• _Exercise goal_
Output exactly the lines that run from the top of the entries to the line holding "(forall i, 2 <= i <= n ->", including both of those lines.

(Saved data entries)
Lemma norm2_le_coherence_sum (z : 'I_n -> 'cV[R]_D) j :
  (forall i, in_S B i (z i)) -> \sum_i z i = 0 ->
  norm2 (z j) <= \sum_(i | i != j) coherence B i j * norm2 (z i).
Proof.
move=> Sz z_sum.
have dot_jj : dot (z j) (z j) = - \sum_(i | i != j) dot (z i) (z j).
  have := dot_suml z (z j); rewrite z_sum dot0l (bigD1 j) //=.
  by move/esym/eqP; rewrite addr_eq0 => /eqP.
have sq_le : norm2 (z j) ^+ 2 <=
    (\sum_(i | i != j) coherence B i j * norm2 (z i)) * norm2 (z j).
  rewrite norm2_sqr sqnorm2_dot dot_jj mulr_suml -sumrN; apply: ler_sum => i _.
  by apply: le_trans (dot_le_coherence (Sz i) (Sz j)); rewrite ler_normr lexx orbT.
have [zj0|zj0] := eqVneq (norm2 (z j)) 0.
  by rewrite zj0 sumr_ge0 // => i _; rewrite mulr_ge0 ?coherence_ge0 ?norm2_ge0.
by move: sq_le; rewrite expr2 ler_pM2r // lt_def zj0 norm2_ge0.
Qed.

Lemma zeta_ge0 k : 0 <= zeta B k.
Proof. by apply/bigmax_geP; left. Qed.

Lemma coherence_sum_le_zeta (L : {set 'I_n}) i :
  \sum_(j in L | i != j) coherence B i j <=
    if i \in L then zeta B #|L|.-1 else zeta B #|L|.
Proof.
rewrite /zeta; case: ifP => iL.
- rewrite (eq_bigl (mem (L :\ i))) => [|j]; last by rewrite !inE andbC eq_sym.
  apply/bigmax_geP; right; exists (L :\ i); first by rewrite (cardsD1 i L) iL.
  by apply/bigmax_geP; right; exists i; rewrite ?inE ?eqxx.
- rewrite (eq_bigl (mem L)) => [|j]; last first.
    by case: (eqVneq i j) => [<-|]; rewrite ?iL ?andbT.
  apply/bigmax_geP; right; exists L => //.
  by apply/bigmax_geP; right; exists i; rewrite ?iL.
Qed.
Theorem corollary4p6 (n : nat) : 2 <= n ->
  (forall i, 2 <= i <= n ->
     count (fun s => deranged s && (head 0 s == i)) (arrangements n) = d n.-1)
  /\ count (fun s => deranged s && (head 0 s == 1)) (arrangements n) = 0.
Proof.
move=> n_ge2; split => [i i_range|].
  rewrite count_deranged_head_swap //; case: n n_ge2 i_range => [//|m] m_gt0 _.
  rewrite count_head_max /d -[LHS]count_arrangements_perm_of_word /=.
  apply: eq_in_count => w; rewrite mem_arrangements => w_arr.
  exact: deranged_perm_of_word.
apply/eqP; rewrite -leqn0 leqNgt -has_count; apply/hasPn => s _.
by apply/negP => /andP [/deranged_head/negbTE ->].
Qed.
(* Let $(G',\Sigma')$ be a signed graph on vertex set $\{v_1,\dots,v_k\}$, and for each $i\in\{1,\dots,k\}$ let $(G_i,\Sigma_i)$ be a signed graph, the sets $V(G_i)$ pairwise disjoint. Let $(G,\Sigma)$ be the signed graph obtained from $(G',\Sigma')$ by substituting $v_i$ with $(G_i,\Sigma_i)$ for every $i$. For each $i$, let $n_i=|V(G_i)|$, $m_i=\sum_{v_j\in N_{G'}(v_i)}n_j$, and let $\{\lambda_{i,1},\dots,\lambda_{i,n_i}\}$ be the spectrum (multiset of eigenvalues) of $L(G_i,\Sigma_i)$. Let $M$ be the $k\times k$ matrix with $M_{i,i}=\lambda_{i,n_i}+m_i$ and, for $i\neq j$, $M_{i,j}=n_j$ if $v_iv_j\in\Sigma'$, $M_{i,j}=-n_j$ if $v_iv_j\in E(G')\setminus\Sigma'$, and $M_{i,j}=0$ otherwise; let $\{\mu_1,\dots,\mu_k\}$ be the spectrum of $M$. If for every $i$ the all-ones vector $\mathbf{1}_{n_i}$ is a $\lambda_{i,n_i}$-eigenvector of $L(G_i,\Sigma_i)$, then the spectrum of $L(G,\Sigma)$ is the multiset \[\{\mu_i:i\in[k]\}\cup\bigcup_{i=1}^k\{\lambda_{i,j}+m_i:j\in[n_i-1]\}.\]
   Context: All graphs are finite and simple. A signed graph is a pair $(G,\Sigma)$ with $\Sigma\subseteq E(G)$; edges in $\Sigma$ are odd, others even. The signed Laplacian is $L(G,\Sigma)=D(G)-A(G,\Sigma)$, $D(G)$ the diagonal degree matrix, $A(G,\Sigma)$ having $(i,j)$-entry $1$ for an even edge, $-1$ for an odd edge, $0$ otherwise. For signed graphs $(G,\Sigma)$, $(H,\Gamma)$ with disjoint vertex sets and $v\in V(G)$, substituting $v$ with $(H,\Gamma)$ yields the signed graph obtained from the disjoint union of $(G-v,\Sigma\setminus\delta(v))$ and $(H,\Gamma)$ (where $\delta(v)$ is the set of edges at $v$) by adding all edges $uv'$ with $u\in V(H)$, $v'\in N_G(v)$, where $uv'$ is odd exactly when $vv'$ is odd in $(G,\Sigma)$. Substituting every $v_i$ of $G'$ with $(G_i,\Sigma_i)$ thus gives the signed graph on $\bigcup_iV(G_i)$ containing each $(G_i,\Sigma_i)$, together with, for each edge $v_iv_j$ of $G'$, all edges between $V(G_i)$ and $V(G_j)$, each having the parity of $v_iv_j$ in $(G',\Sigma')$, and no other edges. $[m]=\{1,\dots,m\}$. *)

From mathcomp Require Import all_boot all_order all_algebra.
Set Implicit Arguments. Unset Strict Implicit. Unset Printing Implicit Defensive.
Import Order.TTheory GRing.Theory Num.Theory.
Local Open Scope ring_scope.

Record sgraph (T : finType) := SGraph {
  sg_adj : rel T;
  sg_odd : rel T;
  sg_adj_sym : forall x y, sg_adj x y = sg_adj y x;
  sg_adj_irr : forall x, sg_adj x x = false;
  sg_odd_sym : forall x y, sg_odd x y = sg_odd y x;
  sg_odd_sub : forall x y, sg_odd x y -> sg_adj x y
}.

Definition laplacian (R : pzRingType) (T : finType) (G : sgraph T)
  : 'M[R]_#|T| :=
  \matrix_(a, b)
    ((if a == b then (#|[set z | sg_adj G (enum_val a) z]|)%:R else 0)
     - (if sg_adj G (enum_val a) (enum_val b)
        then (if sg_odd G (enum_val a) (enum_val b) then -1 else 1)
        else 0)).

• _Answer to the exercise_
Lemma norm2_le_coherence_sum (z : 'I_n -> 'cV[R]_D) j :
  (forall i, in_S B i (z i)) -> \sum_i z i = 0 ->
  norm2 (z j) <= \sum_(i | i != j) coherence B i j * norm2 (z i).
Proof.
move=> Sz z_sum.
have dot_jj : dot (z j) (z j) = - \sum_(i | i != j) dot (z i) (z j).
  have := dot_suml z (z j); rewrite z_sum dot0l (bigD1 j) //=.
  by move/esym/eqP; rewrite addr_eq0 => /eqP.
have sq_le : norm2 (z j) ^+ 2 <=
    (\sum_(i | i != j) coherence B i j * norm2 (z i)) * norm2 (z j).
  rewrite norm2_sqr sqnorm2_dot dot_jj mulr_suml -sumrN; apply: ler_sum => i _.
  by apply: le_trans (dot_le_coherence (Sz i) (Sz j)); rewrite ler_normr lexx orbT.
have [zj0|zj0] := eqVneq (norm2 (z j)) 0.
  by rewrite zj0 sumr_ge0 // => i _; rewrite mulr_ge0 ?coherence_ge0 ?norm2_ge0.
by move: sq_le; rewrite expr2 ler_pM2r // lt_def zj0 norm2_ge0.
Qed.

Lemma zeta_ge0 k : 0 <= zeta B k.
Proof. by apply/bigmax_geP; left. Qed.

Lemma coherence_sum_le_zeta (L : {set 'I_n}) i :
  \sum_(j in L | i != j) coherence B i j <=
    if i \in L then zeta B #|L|.-1 else zeta B #|L|.
Proof.
rewrite /zeta; case: ifP => iL.
- rewrite (eq_bigl (mem (L :\ i))) => [|j]; last by rewrite !inE andbC eq_sym.
  apply/bigmax_geP; right; exists (L :\ i); first by rewrite (cardsD1 i L) iL.
  by apply/bigmax_geP; right; exists i; rewrite ?inE ?eqxx.
- rewrite (eq_bigl (mem L)) => [|j]; last first.
    by case: (eqVneq i j) => [<-|]; rewrite ?iL ?andbT.
  apply/bigmax_geP; right; exists L => //.
  by apply/bigmax_geP; right; exists i; rewrite ?iL.
Qed.
Theorem corollary4p6 (n : nat) : 2 <= n ->
  (forall i, 2 <= i <= n ->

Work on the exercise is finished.